Lemma zrev_nonpos_cons kk a T n :
  zrev [:: - kk%:Z, a & T] n = \sum_(j < kk.+2) faulhaber_coef kk j *
    ((-1) ^+ j * n%:R ^+ (kk.+1 - j) * zrev (a :: T) n
     - zrev ((a - (kk.+1 - j)%:Z) :: T) n).
Proof.
rewrite /= (sum_nat_triangle (fun l => l%:R ^ (- - kk%:Z))
                             (fun t => t%:R ^ (- a) * zrev T t)).
transitivity (\sum_(1 <= t < n) \sum_(j < kk.+2) faulhaber_coef kk j *
    ((-1) ^+ j * n%:R ^+ (kk.+1 - j) * (t%:R ^ (- a) * zrev T t)
     - t%:R ^ (- (a - (kk.+1 - j)%:Z)) * zrev T t)).
  apply: eq_big_nat => t /andP[t_gt0 lt_tn].
  rewrite (eq_bigr (fun l => l%:R ^+ kk)) => [|l _]; last by rewrite opprK.
  rewrite faulhaber // mulr_sumr; apply: eq_bigr => j _.
  by rewrite exprzN_subn ?pnatr_eq0 -?lt0n //; ring.
rewrite exchange_big /=; apply: eq_bigr => j _.
by rewrite !mulr_sumr -sumrB mulr_sumr.
Qed.

Lemma subz_subn_ord kk (j : 'I_kk.+2) (b : int) :
  b - (kk.+1 - j)%:Z = b - kk%:Z - 1 + j%:Z.
Proof. by have := ltn_ord j; lia. Qed.

Lemma zeta_p_nonpos_first kk k2 R p :
  zeta_p p [:: - kk%:Z, k2 & R] = \sum_(j < kk.+2) faulhaber_coef kk j *
    ((-1) ^+ j * zeta_p p ((k2 - kk%:Z - 1 + j%:Z) :: R)
     - (j == kk.+1 :> nat)%:R * zeta_p p (k2 :: R)).
Proof.
have base m : zrev [:: k2; - kk%:Z] m = \sum_(j < kk.+2) faulhaber_coef kk j *
    ((-1) ^+ j * zrev [:: k2 - (kk.+1 - j)%:Z] m
     - (j == kk.+1 :> nat)%:R * zrev [:: k2] m).
  apply: (zrev_cons_lincomb (X := fun=> [::]) (Y := fun=> [::])).
  exact: zrev_nonpos_nil.
rewrite /zeta_p !rev_cons -!cats1 -catA (zrev_cat_lincomb base).
by apply: eq_bigr => j _; rewrite !rev_cons -!cats1 subz_subn_ord.
Qed.

Lemma zeta_p_nonpos_middle kk L a b R p :
  zeta_p p (L ++ [:: a, - kk%:Z, b & R]) = \sum_(j < kk.+2) faulhaber_coef kk j *
    ((-1) ^+ j * zeta_p p (L ++ [:: a, b - kk%:Z - 1 + j%:Z & R])
     - zeta_p p (L ++ [:: a - kk%:Z - 1 + j%:Z, b & R])).
Proof.
have base m : zrev [:: b, - kk%:Z, a & rev L] m = \sum_(j < kk.+2) faulhaber_coef kk j *
    ((-1) ^+ j * zrev [:: b - (kk.+1 - j)%:Z, a & rev L] m
     - 1 * zrev [:: b, a - (kk.+1 - j)%:Z & rev L] m).  (* the 1 fits zrev_cons_lincomb *)
  apply: zrev_cons_lincomb => n _; rewrite zrev_nonpos_cons.
  by apply: eq_bigr => j _; rewrite mul1r.
rewrite /zeta_p !rev_cat !rev_cons -!cats1 -!catA /= (zrev_cat_lincomb base).
apply: eq_bigr => j _.
by rewrite !rev_cat !rev_cons -!cats1 -!catA /= mul1r !subz_subn_ord.
Qed.

Lemma zeta_p_nonpos_last kk L a p :
  zeta_p p (L ++ [:: a; - kk%:Z]) = \sum_(j < kk.+2) faulhaber_coef kk j *
    ((-1) ^+ j * zeta_p p (L ++ [:: a]) * p%:R ^+ (kk.+1 - j)
     - zeta_p p (L ++ [:: a - kk%:Z - 1 + j%:Z])).
Proof.
rewrite /zeta_p rev_cat (zrev_nonpos_cons kk a (rev L) p); apply: eq_bigr => j _.
rewrite !rev_cat [rev [:: a] ++ _]/= [rev [:: _] ++ _]/= subz_subn_ord.
by rewrite [(-1) ^+ j * zrev _ _ * _]mulrAC.
Qed.

Lemma eqfun_Aeq (x y : Afam) : x =1 y -> Aeq x y.
Proof.
move=> eq_xy n; exists 0%N => p p_pr _.
by rewrite /pdiv_rat eq_xy subrr dvdz0 dvdzE dvdn1 gtn_eqF ?prime_gt1.
Qed.

Lemma sum_faulhaber_coef kk (F : 'I_kk.+2 -> rat) :
  (kk.+1%:R)^-1 * \sum_(j < kk.+2) 'C(kk.+1, j)%:R * bernoulli j * F j
  = \sum_(j < kk.+2) faulhaber_coef kk j * F j.
Proof. by rewrite mulr_sumr; apply: eq_bigr => j _; rewrite !mulrA. Qed.

Lemma split_window3 (T : Type) (s : seq T) n : (n + 3 <= size s)%N ->
  exists L a x b R, s = L ++ [:: a, x, b & R] /\ size L = n.
Proof.
move=> le_n3_s; have : (3 <= size (drop n s))%N by rewrite size_drop; lia.
case E: (drop n s) => [|a [|x [|b R]]] // _.
exists (take n s), a, x, b, R; rewrite -E cat_take_drop size_takel //; lia.
Qed.

Lemma split_last2 (T : Type) (s : seq T) : (2 <= size s)%N ->
  exists L a x, s = L ++ [:: a; x].
Proof.
case/lastP: s => [|s x] //; case/lastP: s => [|L a] // _.
by exists L, a, x; rewrite -!cats1 -catA.
Qed.

Theorem theorem1p3 (ks : seq int) (i kk : nat) :
  (2 <= size ks)%N -> (1 <= i <= size ks)%N ->
  nth 0 ks i.-1 = - (kk%:Z) ->
  [/\
   (* (i) *)
   i = 1%N ->
     Aeq (zetaA ks)
       (fun p => (kk.+1%:R)^-1 * \sum_(j < kk.+2)
          'C(kk.+1, j)%:R * bernoulli j *
          ((-1) ^+ j * zeta_p p ((nth 0 ks 1 - kk%:Z - 1 + j%:Z) :: drop 2 ks)
           - (j == kk.+1 :> nat)%:R * zeta_p p (drop 1 ks))),
   (* (ii) *)
   (1 < i < size ks)%N ->
     Aeq (zetaA ks)
       (fun p => (kk.+1%:R)^-1 * \sum_(j < kk.+2)
          'C(kk.+1, j)%:R * bernoulli j *
          ((-1) ^+ j * zeta_p p (take i.-1 ks ++
                         (nth 0 ks i - kk%:Z - 1 + j%:Z) :: drop i.+1 ks)
           - zeta_p p (take (i - 2) ks ++
                         (nth 0 ks (i - 2) - kk%:Z - 1 + j%:Z) :: drop i ks)))
   &
   (* (iii) *)
   i = size ks ->
     Aeq (zetaA ks)
       (fun p => (kk.+1%:R)^-1 * \sum_(j < kk.+2)
          'C(kk.+1, j)%:R * bernoulli j *
          ((-1) ^+ j * zeta_p p (take (size ks).-1 ks) * (p%:R) ^+ (kk.+1 - j)
           - zeta_p p (take (size ks - 2) ks ++
                         [:: nth 0 ks (size ks - 2) - kk%:Z - 1 + j%:Z])))].
Proof.
move=> size_ks /andP[i_gt0 le_i_size] ks_i; split.
- move=> i1; subst i; case: ks size_ks {le_i_size} ks_i => [|k1 [|k2 R]] //= _ ->.
  by apply: eqfun_Aeq => p; rewrite sum_faulhaber_coef drop0; exact: zeta_p_nonpos_first.
- move=> /andP[lt1i lt_i_size]; move: ks_i.
  have le_window : (i - 2 + 3 <= size ks)%N by lia.
  have [L [a [x [b [R [-> size_L]]]]]] := split_window3 le_window.
  have [-> -> -> ->] : [/\ i.-1 = size L + 1, i.+1 = size L + 3,
                          i - 2 = size L + 0 & i = size L + 2]%N by split; lia.
  rewrite !(take_cat, drop_cat, nth_cat) !ltnNge !leq_addr !addKn /= => ->.
  apply: eqfun_Aeq => p; rewrite sum_faulhaber_coef /zetaA zeta_p_nonpos_middle.
  by apply: eq_bigr => j _; rewrite drop0 cats0 -catA.
- move=> ei; subst i; move: ks_i.
  have [L [a [x ->]]] := split_last2 size_ks.
  rewrite size_cat [size [:: _; _]]/=.
  have [-> ->] : ((size L + 2).-1 = size L + 1 /\ size L + 2 - 2 = size L + 0)%N.
    by split; lia.
  rewrite !(take_cat, nth_cat) !ltnNge !leq_addr !addKn /= cats0 => ->.
  by apply: eqfun_Aeq => p; rewrite sum_faulhaber_coef /zetaA zeta_p_nonpos_last.
Qed.
Lemma is_derive_cap (r a t : R) : 0 < r - (t - a)^2 ->
  is_derive (cap r a) t (cap_slope r a t).
Proof.
intros H. unfold cap_slope, cap. auto_derive; [lra|].
assert (sqrt (r - (t - a)^2) <> 0) by (apply Rgt_not_eq, sqrt_lt_R0; lra).
replace (r + - ((t + - a) * ((t + - a) * 1))) with (r - (t - a)^2) by ring.
field; auto.
Qed.

Lemma is_derive_cap_slope (r a t : R) : 0 < r - (t - a)^2 ->
  is_derive (cap_slope r a) t (- r / cap r a t ^ 3).
Proof.
intros H. unfold cap_slope, cap.
assert (Hs : sqrt (r - (t - a)^2) <> 0) by (apply Rgt_not_eq, sqrt_lt_R0; lra).
pose proof (sqrt_sqrt (r - (t - a)^2) (Rlt_le _ _ H)) as Hsq.
auto_derive;
  replace (r + - ((t + - a) * ((t + - a) * 1))) with (r - (t - a)^2) by ring.
- split; [lra|auto].
- replace (- r) with (- (sqrt (r - (t - a)^2) * sqrt (r - (t - a)^2) + (t - a)^2))
    by (rewrite Hsq; ring).
  field; auto.
Qed.

Lemma is_derive_half_sum (f g : R -> R) (c x df dg : R) :
  is_derive f x df -> is_derive g x dg ->
  is_derive (fun s => (f s + g s) / 2 - c) x ((df + dg) / 2).
Proof.
intros Hf Hg.
evar (d : R). replace ((df + dg) / 2) with d; unfold d.
- apply @is_derive_minus; [|apply is_derive_const].
  apply @is_derive_scal_l. apply @is_derive_plus; eassumption.
- unfold minus, plus, opp, zero, scal; simpl; unfold mult; simpl. lra.
Qed.

Lemma h_slice_e1 (t : R) :
  h t wy = (cap (1 - (wy - y0)^2) x0 t + cap (1 - (wy + y0)^2) (- x0) t) / 2 - z0.
Proof.
unfold h, f_d, g_u, cap.
replace (1 - (wy - y0)^2 - (t - x0)^2) with (1 - (t - x0)^2 - (wy - y0)^2) by ring.
replace (1 - (wy + y0)^2 - (t - - x0)^2) with (1 - (t + x0)^2 - (wy + y0)^2) by ring.
lra.
Qed.

Lemma h_slice_e2 (s : R) :
  h wx s = (cap (1 - (wx - x0)^2) y0 s + cap (1 - (wx + x0)^2) (- y0) s) / 2 - z0.
Proof.
unfold h, f_d, g_u, cap.
replace (1 - (wx + x0)^2 - (s - - y0)^2) with (1 - (wx + x0)^2 - (s + y0)^2) by ring.
lra.
Qed.

Lemma cap_domain_near_wx (s : R) : Rabs (s - wx) < 1/100 ->
  0 < 1 - (wy - y0)^2 - (s - x0)^2 /\ 0 < 1 - (wy + y0)^2 - (s - - x0)^2.
Proof. intros H. apply Rabs_def2 in H. unfold wx, wy, x0, y0 in *. split; nra. Qed.
Lemma cheb_p_nodes_orthogonal n r s :
  (r < n)%nat -> (s < n)%nat ->
  sumR n (fun i => cheb_p r (cheb_node n (S i)) * cheb_p s (cheb_node n (S i)))
  = if (r =? s)%nat then INR n / PI else 0.
Proof.
  intros Hr Hs. rewrite <- cheb_coef_mul_kernel.
  rewrite (sumR_ext _ _ (fun i => cheb_coef r * cheb_coef s *
    ((cos (IZR (Z.of_nat r - Z.of_nat s) * cheb_angle n (S i))
      + cos (IZR (Z.of_nat r + Z.of_nat s) * cheb_angle n (S i))) / 2))).
  - rewrite <- sumR_mult_l. f_equal. unfold Rdiv.
    rewrite <- sumR_mult_r, sumR_plus, !sumR_cos_int_nodes by lia. reflexivity.
  - intros i Hi. rewrite !cheb_p_node, <- cos_mul_cos_nat by lia. ring.
Qed.

Lemma cheb_p_node_mul n r k h :
  (1 <= k <= n)%nat -> (1 <= h <= n)%nat ->
  cheb_p r (cheb_node n k) * cheb_p r (cheb_node n h)
  = cheb_coef r * cheb_coef r
    * (/ 2 * (cos (2 * INR r * (IZR (Z.of_nat k - Z.of_nat h) * PI / (2 * INR n)))
              + cos (2 * INR r * (IZR (Z.of_nat k + Z.of_nat h - 1) * PI / (2 * INR n))))).
Proof.
  intros Hk Hh. assert (HnR : 0 < INR n) by (apply lt_0_INR; lia).
  rewrite !cheb_p_node by assumption.
  transitivity (cheb_coef r * cheb_coef r
                * (cos (INR r * cheb_angle n k) * cos (INR r * cheb_angle n h))); [ring|].
  rewrite cos_mul_cos, !minus_IZR, plus_IZR, <- !INR_IZR_INZ.
  replace (INR r * cheb_angle n k - INR r * cheb_angle n h)
    with (2 * INR r * ((INR k - INR h) * PI / (2 * INR n))) by (unfold cheb_angle; field; lra).
  replace (INR r * cheb_angle n k + INR r * cheb_angle n h)
    with (2 * INR r * ((INR k + INR h - 1) * PI / (2 * INR n))) by (unfold cheb_angle; field; lra).
  field.
Qed.

Lemma cheb_p_nodes_orthogonal_dual n k h :
  (1 <= k <= n)%nat -> (1 <= h <= n)%nat ->
  sumR n (fun r => cheb_p r (cheb_node n k) * cheb_p r (cheb_node n h))
  = if (k =? h)%nat then INR n / PI else 0.
Proof.
  intros Hk Hh. pose proof PI_RGT_0.
  assert (HnR : 0 < INR n) by (apply lt_0_INR; lia).
  rewrite (sumR_ext _ _ _ (fun r _ => cheb_p_node_mul n r k h Hk Hh)).
  set (zm := (Z.of_nat k - Z.of_nat h)%Z). set (zp := (Z.of_nat k + Z.of_nat h - 1)%Z).
  destruct n as [|n']; [lia|]. rewrite sumR_cheb_coef_sq. set (n := S n') in *.
  rewrite <- sumR_mult_l, sumR_plus, !sumR_cos_even_int by lia.
  simpl INR. rewrite !Rmult_0_r, !Rmult_0_l, cos_0.
  assert (Hzp : (zp =? 0)%Z = false) by (apply Z.eqb_neq; lia). rewrite Hzp.
  assert (Hodd : cos (IZR zp * PI) = - cos (IZR zm * PI)).
  { rewrite <- cos_add_odd_PI with (h := h). f_equal.
    unfold zp, zm. rewrite !minus_IZR, plus_IZR, <- !INR_IZR_INZ. ring. }
  rewrite Hodd.
  destruct (Nat.eqb_spec k h) as [<-|Hkh].
  - assert (Hzm : zm = 0%Z) by (unfold zm; lia). rewrite Hzm. simpl Z.eqb.
    rewrite Rmult_0_l, cos_0. field. lra.
  - assert (Hzm : (zm =? 0)%Z = false) by (apply Z.eqb_neq; unfold zm; lia). rewrite Hzm.
    field. lra.
Qed.

(** * The VP basis *)

Section VPBasis.
Variables n m : nat.
Hypothesis m_gt0 : (0 < m)%nat.

Definition vp_alpha r := if (r <=? n - m)%nat then 1 else vp_mu n m r.
Definition vp_beta r := if (r <=? n - m)%nat then 0 else - vp_mu n m (2 * n - r).

Lemma vp_q_cheb_p r x :
  vp_q n m r x = vp_alpha r * cheb_p r x + vp_beta r * cheb_p (2 * n - r) x.
Proof. unfold vp_q, vp_alpha, vp_beta. destruct (r <=? n - m)%nat; ring. Qed.

Lemma vp_alpha_beta_sq r :
  (r < n)%nat -> vp_alpha r * vp_alpha r + vp_beta r * vp_beta r = vp_nu n m r.
Proof.
  intros Hr. unfold vp_alpha, vp_beta, vp_nu, vp_mu.
  destruct (Nat.leb_spec0 r (n - m)); [ring|].
  destruct (Nat.leb_spec0 r (n - m)); [lia|].
  destruct (Nat.leb_spec0 (2 * n - r) (n - m)); [lia|].
  destruct (Nat.ltb_spec0 r (n + m)); [|lia].
  destruct (Nat.ltb_spec0 (2 * n - r) (n + m)); [|lia].
  rewrite minus_INR, mult_INR by lia. simpl INR.
  assert (0 < INR m) by (apply lt_0_INR, m_gt0). field. lra.
Qed.

Lemma vp_nu_gt0 r : 0 < vp_nu n m r.
Proof.
  unfold vp_nu. destruct (r <=? n - m)%nat; [lra|].
  assert (0 < INR m) by (apply lt_0_INR, m_gt0).
  pose proof (pow2_ge_0 (INR n - INR r)).
  apply Rdiv_lt_0_compat; nra.
Qed.

Lemma vp_q_orthogonal r s :
  (r < n)%nat -> (s < n)%nat ->
  is_RInt_gen (fun x => vp_q n m r x * vp_q n m s x * cheb_w x) (at_right (-1)) (at_left 1)
    (if (r =? s)%nat then vp_nu n m r else 0).
Proof.
  intros Hr Hs.
  set (r' := (2 * n - r)%nat). set (s' := (2 * n - s)%nat).
  pose proof (is_RInt_gen_plus _ _ _ _
    (is_RInt_gen_plus _ _ _ _
       (is_RInt_gen_scal _ (vp_alpha r * vp_alpha s) _ (cheb_p_orthonormal r s))
       (is_RInt_gen_scal _ (vp_alpha r * vp_beta s) _ (cheb_p_orthonormal r s')))
    (is_RInt_gen_plus _ _ _ _
       (is_RInt_gen_scal _ (vp_beta r * vp_alpha s) _ (cheb_p_orthonormal r' s))
       (is_RInt_gen_scal _ (vp_beta r * vp_beta s) _ (cheb_p_orthonormal r' s')))) as H.
  revert H. apply is_RInt_gen_open_ext; [lra | |].
  { intros x _. unfold scal, plus; simpl; unfold mult, plus; simpl.
    rewrite !vp_q_cheb_p. fold r' s'. ring. }
  unfold scal, plus; simpl; unfold mult, plus; simpl.
  rewrite (proj2 (Nat.eqb_neq r s')), (proj2 (Nat.eqb_neq r' s)) by lia.
  destruct (Nat.eqb_spec r s) as [<-|Hrs].
  - rewrite Nat.eqb_refl, <- vp_alpha_beta_sq by exact Hr. ring.
  - rewrite (proj2 (Nat.eqb_neq r' s')) by lia. ring.
Qed.
(* Let $H_n=\sum_{j=1}^n\frac1j$, let $\gamma$ be the Euler–Mascheroni constant, $\Gamma$ the gamma function, and $z^{\overline{k}} = z(z+1) \cdots (z + k -1)$ the rising factorial. Then: (i) for $k \in \{1 ,2, \ldots\}$, $$\sum_{n=1}^\infty (-1)^n \left(H_n - \log\sqrt[k]{n^{\overline{k}}} - \gamma \right) = \frac{\gamma}{2} - \frac{\log(\pi)}{2k} + \frac{1}{k}\log\Gamma\left(\frac{k+1}{2}\right);$$ (ii) for $x > 0$, $$\sum_{n=1}^\infty (-1)^n \left(H_n - \log(n + x -1) - \gamma \right) = \frac{\gamma}{2} + \log\left[\frac{\Gamma\left(\frac{x + 1}{2}\right)}{\Gamma \left(\frac{x}{2}\right)} \right].$$ *)

From Stdlib Require Import Reals.
From Coquelicot Require Import Coquelicot.
Open Scope R_scope.

Fixpoint harmonic (n : nat) : R :=
  match n with
  | O => 0
  | S m => harmonic m + / INR (S m)
  end.

Definition euler_gamma : R :=
  real (Lim_seq (fun n => harmonic n - ln (INR n))).

Definition Gamma (x : R) : R :=
  RInt_gen (fun t => Rpower t (x - 1) * exp (- t))
           (at_right 0) (Rbar_locally p_infty).

Fixpoint rising (z : R) (k : nat) : R :=
  match k with
  | O => 1
  | S m => rising z m * (z + INR m)
  end.

From Stdlib Require Import Reals Lra Lia Psatz Classical Factorial.
From Coquelicot Require Import Coquelicot.
Open Scope R_scope.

-------------------------

Set down exactly the lines that begin the records and continue through the line bearing "transitivity (\sum_(1 <= t"; include both ends.

- ANSWER TO THIS EXERCISE -
Lemma zrev_nonpos_cons kk a T n :
  zrev [:: - kk%:Z, a & T] n = \sum_(j < kk.+2) faulhaber_coef kk j *
    ((-1) ^+ j * n%:R ^+ (kk.+1 - j) * zrev (a :: T) n
     - zrev ((a - (kk.+1 - j)%:Z) :: T) n).
Proof.
rewrite /= (sum_nat_triangle (fun l => l%:R ^ (- - kk%:Z))
                             (fun t => t%:R ^ (- a) * zrev T t)).
transitivity (\sum_(1 <= t < n) \sum_(j < kk.+2) faulhaber_coef kk j *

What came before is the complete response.